Exercise goal: For the data below, give again exactly the lines from the one containing "have s2_ge0 : 0 <= s2." through the one containing "split=> //; rewrite", both ends included, and no others.

Records supplied:
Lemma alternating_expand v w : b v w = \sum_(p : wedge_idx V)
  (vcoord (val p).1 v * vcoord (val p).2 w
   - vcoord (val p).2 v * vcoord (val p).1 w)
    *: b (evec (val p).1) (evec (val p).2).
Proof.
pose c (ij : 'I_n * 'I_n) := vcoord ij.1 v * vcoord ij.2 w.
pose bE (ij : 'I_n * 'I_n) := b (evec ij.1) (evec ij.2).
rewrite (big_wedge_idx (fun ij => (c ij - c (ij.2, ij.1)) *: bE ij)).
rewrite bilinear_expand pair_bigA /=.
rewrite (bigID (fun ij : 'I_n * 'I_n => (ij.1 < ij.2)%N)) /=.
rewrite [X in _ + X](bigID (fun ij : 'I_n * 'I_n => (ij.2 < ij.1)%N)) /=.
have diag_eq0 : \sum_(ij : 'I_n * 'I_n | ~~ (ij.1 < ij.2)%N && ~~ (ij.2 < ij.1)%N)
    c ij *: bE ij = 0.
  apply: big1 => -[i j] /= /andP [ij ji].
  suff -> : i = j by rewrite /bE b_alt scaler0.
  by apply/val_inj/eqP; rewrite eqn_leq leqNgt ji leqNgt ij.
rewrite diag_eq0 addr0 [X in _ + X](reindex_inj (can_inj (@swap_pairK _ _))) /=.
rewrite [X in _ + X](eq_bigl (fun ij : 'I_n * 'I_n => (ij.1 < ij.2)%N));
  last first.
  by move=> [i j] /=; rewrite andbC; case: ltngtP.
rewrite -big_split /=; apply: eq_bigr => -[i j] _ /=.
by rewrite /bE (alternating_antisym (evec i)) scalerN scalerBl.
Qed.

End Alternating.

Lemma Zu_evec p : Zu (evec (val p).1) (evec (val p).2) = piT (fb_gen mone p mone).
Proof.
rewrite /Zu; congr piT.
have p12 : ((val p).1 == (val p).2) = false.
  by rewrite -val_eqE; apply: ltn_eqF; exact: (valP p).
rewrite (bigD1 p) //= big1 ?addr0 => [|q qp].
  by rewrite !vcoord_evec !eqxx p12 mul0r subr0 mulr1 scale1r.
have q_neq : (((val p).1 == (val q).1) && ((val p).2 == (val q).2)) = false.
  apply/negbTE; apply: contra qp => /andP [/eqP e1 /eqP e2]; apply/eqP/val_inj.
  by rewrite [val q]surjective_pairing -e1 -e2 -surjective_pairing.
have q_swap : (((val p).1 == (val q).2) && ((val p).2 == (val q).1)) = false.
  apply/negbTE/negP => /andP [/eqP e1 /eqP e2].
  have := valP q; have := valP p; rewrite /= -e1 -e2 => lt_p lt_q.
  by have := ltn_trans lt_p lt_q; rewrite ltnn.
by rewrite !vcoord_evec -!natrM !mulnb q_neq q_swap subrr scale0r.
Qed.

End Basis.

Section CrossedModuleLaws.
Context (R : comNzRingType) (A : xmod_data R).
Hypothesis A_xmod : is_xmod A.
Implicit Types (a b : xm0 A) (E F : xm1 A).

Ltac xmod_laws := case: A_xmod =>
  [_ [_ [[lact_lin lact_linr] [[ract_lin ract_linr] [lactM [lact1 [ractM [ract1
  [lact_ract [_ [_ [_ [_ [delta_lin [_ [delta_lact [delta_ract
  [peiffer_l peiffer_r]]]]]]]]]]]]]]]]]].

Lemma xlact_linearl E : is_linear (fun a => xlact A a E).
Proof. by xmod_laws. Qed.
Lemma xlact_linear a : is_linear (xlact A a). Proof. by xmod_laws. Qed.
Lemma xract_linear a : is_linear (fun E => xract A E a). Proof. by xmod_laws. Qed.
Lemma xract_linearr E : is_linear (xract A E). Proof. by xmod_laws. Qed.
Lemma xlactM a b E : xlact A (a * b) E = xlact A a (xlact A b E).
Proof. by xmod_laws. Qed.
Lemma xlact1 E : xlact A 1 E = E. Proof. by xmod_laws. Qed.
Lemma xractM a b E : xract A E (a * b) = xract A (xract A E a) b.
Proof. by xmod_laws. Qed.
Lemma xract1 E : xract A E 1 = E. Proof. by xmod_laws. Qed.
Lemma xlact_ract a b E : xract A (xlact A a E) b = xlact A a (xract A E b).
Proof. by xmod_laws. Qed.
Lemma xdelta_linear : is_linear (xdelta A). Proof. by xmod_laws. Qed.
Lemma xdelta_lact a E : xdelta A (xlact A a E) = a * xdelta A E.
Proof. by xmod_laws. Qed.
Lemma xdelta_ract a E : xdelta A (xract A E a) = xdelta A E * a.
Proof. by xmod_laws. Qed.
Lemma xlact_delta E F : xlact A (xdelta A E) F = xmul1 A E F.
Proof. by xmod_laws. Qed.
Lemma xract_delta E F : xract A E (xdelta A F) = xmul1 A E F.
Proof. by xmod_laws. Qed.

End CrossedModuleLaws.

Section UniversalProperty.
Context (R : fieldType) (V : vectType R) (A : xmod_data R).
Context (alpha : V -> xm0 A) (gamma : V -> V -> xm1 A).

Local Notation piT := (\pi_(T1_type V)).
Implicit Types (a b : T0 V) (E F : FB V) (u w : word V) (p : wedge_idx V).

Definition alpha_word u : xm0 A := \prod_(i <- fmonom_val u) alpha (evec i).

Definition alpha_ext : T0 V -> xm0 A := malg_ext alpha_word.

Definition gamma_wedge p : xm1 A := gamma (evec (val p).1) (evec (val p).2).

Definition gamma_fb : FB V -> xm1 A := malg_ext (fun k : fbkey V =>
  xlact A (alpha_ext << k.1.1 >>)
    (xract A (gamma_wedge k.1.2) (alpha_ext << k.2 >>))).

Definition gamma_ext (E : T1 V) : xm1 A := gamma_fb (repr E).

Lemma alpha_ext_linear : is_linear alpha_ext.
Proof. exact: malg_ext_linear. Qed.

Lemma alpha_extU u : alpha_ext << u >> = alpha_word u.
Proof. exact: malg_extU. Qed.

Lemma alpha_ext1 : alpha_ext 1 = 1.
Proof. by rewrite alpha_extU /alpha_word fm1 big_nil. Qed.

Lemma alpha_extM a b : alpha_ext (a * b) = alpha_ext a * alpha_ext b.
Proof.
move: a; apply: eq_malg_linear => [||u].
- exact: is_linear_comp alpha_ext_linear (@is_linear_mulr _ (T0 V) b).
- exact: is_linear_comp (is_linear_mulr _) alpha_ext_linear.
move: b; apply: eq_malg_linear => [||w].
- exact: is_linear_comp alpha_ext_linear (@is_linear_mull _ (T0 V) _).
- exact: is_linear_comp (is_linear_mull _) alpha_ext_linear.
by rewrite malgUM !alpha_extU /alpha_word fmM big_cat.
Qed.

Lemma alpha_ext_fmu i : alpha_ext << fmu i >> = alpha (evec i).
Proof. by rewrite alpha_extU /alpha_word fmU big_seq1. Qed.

* * *

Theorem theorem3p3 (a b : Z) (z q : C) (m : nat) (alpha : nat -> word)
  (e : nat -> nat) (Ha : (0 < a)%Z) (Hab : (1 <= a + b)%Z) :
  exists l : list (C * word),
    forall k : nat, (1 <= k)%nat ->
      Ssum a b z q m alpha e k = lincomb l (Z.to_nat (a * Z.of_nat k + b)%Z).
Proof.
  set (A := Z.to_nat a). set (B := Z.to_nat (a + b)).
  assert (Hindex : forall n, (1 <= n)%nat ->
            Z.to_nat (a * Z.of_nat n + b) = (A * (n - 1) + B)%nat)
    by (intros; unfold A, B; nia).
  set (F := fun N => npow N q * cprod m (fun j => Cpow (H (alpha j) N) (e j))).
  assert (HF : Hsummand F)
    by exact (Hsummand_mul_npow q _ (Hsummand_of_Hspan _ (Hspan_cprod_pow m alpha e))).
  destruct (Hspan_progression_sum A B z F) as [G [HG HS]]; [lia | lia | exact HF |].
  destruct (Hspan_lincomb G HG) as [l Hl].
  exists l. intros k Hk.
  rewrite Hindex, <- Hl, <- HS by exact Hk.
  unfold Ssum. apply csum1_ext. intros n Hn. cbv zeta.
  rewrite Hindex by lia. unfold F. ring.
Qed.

---

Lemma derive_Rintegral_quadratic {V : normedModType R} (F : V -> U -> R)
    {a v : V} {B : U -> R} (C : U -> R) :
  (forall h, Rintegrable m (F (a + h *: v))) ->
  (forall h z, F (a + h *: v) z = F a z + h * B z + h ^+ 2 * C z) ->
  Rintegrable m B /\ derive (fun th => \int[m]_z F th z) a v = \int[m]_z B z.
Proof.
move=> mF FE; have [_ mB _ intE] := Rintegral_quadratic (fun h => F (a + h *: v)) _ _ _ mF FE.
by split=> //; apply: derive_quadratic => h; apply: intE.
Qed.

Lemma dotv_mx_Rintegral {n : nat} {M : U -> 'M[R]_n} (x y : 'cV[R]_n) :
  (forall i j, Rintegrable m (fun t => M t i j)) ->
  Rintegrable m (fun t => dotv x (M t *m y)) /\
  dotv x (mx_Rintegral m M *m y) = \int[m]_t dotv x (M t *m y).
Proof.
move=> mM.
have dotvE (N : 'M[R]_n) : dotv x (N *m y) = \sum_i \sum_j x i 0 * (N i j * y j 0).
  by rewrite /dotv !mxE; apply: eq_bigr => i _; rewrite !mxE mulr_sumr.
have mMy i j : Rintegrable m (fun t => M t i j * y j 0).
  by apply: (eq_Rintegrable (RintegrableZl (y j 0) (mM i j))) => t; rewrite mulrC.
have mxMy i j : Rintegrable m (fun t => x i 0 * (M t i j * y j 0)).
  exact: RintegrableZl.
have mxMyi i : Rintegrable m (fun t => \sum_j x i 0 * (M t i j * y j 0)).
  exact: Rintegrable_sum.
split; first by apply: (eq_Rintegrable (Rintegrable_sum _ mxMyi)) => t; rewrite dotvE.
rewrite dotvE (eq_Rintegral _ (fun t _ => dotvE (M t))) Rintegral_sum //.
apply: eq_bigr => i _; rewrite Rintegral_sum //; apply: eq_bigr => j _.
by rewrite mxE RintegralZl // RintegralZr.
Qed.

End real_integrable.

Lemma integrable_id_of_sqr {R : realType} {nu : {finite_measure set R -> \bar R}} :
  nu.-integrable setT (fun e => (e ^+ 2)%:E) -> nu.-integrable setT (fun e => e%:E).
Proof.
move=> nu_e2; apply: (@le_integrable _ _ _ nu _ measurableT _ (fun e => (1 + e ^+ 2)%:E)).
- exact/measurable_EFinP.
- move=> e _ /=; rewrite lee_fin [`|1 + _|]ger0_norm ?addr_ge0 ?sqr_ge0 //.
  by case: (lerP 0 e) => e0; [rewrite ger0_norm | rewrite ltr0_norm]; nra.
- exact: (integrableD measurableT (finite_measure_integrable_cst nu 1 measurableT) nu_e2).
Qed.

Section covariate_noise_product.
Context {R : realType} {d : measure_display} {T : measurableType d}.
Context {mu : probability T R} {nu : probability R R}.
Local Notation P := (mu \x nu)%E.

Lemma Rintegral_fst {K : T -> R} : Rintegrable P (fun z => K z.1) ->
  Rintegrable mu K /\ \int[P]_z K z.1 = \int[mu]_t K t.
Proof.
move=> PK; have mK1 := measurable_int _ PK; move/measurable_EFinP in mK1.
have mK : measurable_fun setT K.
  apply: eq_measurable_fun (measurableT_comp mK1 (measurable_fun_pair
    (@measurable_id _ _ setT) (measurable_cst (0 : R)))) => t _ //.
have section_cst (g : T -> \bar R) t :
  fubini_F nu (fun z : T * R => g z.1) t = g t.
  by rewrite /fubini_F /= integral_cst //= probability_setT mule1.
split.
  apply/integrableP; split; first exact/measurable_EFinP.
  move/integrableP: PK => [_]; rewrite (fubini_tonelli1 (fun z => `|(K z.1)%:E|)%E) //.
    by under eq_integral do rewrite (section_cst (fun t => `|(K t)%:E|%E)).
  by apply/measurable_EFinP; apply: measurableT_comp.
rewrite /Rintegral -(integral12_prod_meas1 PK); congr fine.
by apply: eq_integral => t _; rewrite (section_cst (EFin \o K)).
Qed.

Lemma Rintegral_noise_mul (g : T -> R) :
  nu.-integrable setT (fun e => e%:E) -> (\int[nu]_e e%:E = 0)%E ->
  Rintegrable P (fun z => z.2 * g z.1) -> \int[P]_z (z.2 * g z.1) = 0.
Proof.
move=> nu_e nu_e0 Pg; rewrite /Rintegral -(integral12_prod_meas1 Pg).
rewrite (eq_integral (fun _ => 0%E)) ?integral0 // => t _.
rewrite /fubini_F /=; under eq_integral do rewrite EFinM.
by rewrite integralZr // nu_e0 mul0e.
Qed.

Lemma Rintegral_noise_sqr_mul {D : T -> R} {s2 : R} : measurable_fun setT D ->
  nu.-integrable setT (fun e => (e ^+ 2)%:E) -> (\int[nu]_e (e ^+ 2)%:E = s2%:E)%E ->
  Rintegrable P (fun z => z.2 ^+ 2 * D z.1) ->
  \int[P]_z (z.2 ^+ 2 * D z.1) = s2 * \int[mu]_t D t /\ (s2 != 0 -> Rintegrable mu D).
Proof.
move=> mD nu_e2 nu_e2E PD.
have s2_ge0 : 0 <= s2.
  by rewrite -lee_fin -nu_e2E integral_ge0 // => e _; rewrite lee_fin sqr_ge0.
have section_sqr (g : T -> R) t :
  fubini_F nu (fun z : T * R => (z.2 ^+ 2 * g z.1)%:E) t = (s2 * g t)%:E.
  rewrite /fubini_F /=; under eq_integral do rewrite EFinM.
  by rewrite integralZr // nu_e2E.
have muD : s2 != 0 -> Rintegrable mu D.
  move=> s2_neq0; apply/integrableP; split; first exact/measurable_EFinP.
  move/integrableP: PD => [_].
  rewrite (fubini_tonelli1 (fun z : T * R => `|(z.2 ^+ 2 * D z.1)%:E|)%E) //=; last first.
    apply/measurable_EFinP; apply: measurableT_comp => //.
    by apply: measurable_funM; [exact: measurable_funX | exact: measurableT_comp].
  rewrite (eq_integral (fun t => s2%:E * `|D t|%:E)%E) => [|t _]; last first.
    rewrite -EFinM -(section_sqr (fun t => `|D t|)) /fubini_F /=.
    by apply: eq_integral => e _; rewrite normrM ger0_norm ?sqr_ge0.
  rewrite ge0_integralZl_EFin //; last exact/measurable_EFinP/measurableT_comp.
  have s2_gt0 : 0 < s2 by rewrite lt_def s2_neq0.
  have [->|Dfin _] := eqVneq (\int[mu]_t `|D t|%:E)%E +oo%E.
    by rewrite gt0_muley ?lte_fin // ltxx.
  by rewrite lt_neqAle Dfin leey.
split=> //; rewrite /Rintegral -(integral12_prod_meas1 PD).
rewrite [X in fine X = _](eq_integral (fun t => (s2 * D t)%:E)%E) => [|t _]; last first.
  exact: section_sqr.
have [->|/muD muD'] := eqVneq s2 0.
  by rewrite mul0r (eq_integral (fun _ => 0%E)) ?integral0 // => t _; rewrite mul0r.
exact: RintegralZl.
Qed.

Written response:
have s2_ge0 : 0 <= s2.
  by rewrite -lee_fin -nu_e2E integral_ge0 // => e _; rewrite lee_fin sqr_ge0.
have section_sqr (g : T -> R) t :
  fubini_F nu (fun z : T * R => (z.2 ^+ 2 * g z.1)%:E) t = (s2 * g t)%:E.
  rewrite /fubini_F /=; under eq_integral do rewrite EFinM.
  by rewrite integralZr // nu_e2E.
have muD : s2 != 0 -> Rintegrable mu D.
  move=> s2_neq0; apply/integrableP; split; first exact/measurable_EFinP.
  move/integrableP: PD => [_].
  rewrite (fubini_tonelli1 (fun z : T * R => `|(z.2 ^+ 2 * D z.1)%:E|)%E) //=; last first.
    apply/measurable_EFinP; apply: measurableT_comp => //.
    by apply: measurable_funM; [exact: measurable_funX | exact: measurableT_comp].
  rewrite (eq_integral (fun t => s2%:E * `|D t|%:E)%E) => [|t _]; last first.
    rewrite -EFinM -(section_sqr (fun t => `|D t|)) /fubini_F /=.
    by apply: eq_integral => e _; rewrite normrM ger0_norm ?sqr_ge0.
  rewrite ge0_integralZl_EFin //; last exact/measurable_EFinP/measurableT_comp.
  have s2_gt0 : 0 < s2 by rewrite lt_def s2_neq0.
  have [->|Dfin _] := eqVneq (\int[mu]_t `|D t|%:E)%E +oo%E.
    by rewrite gt0_muley ?lte_fin // ltxx.
  by rewrite lt_neqAle Dfin leey.
split=> //; rewrite /Rintegral -(integral12_prod_meas1 PD).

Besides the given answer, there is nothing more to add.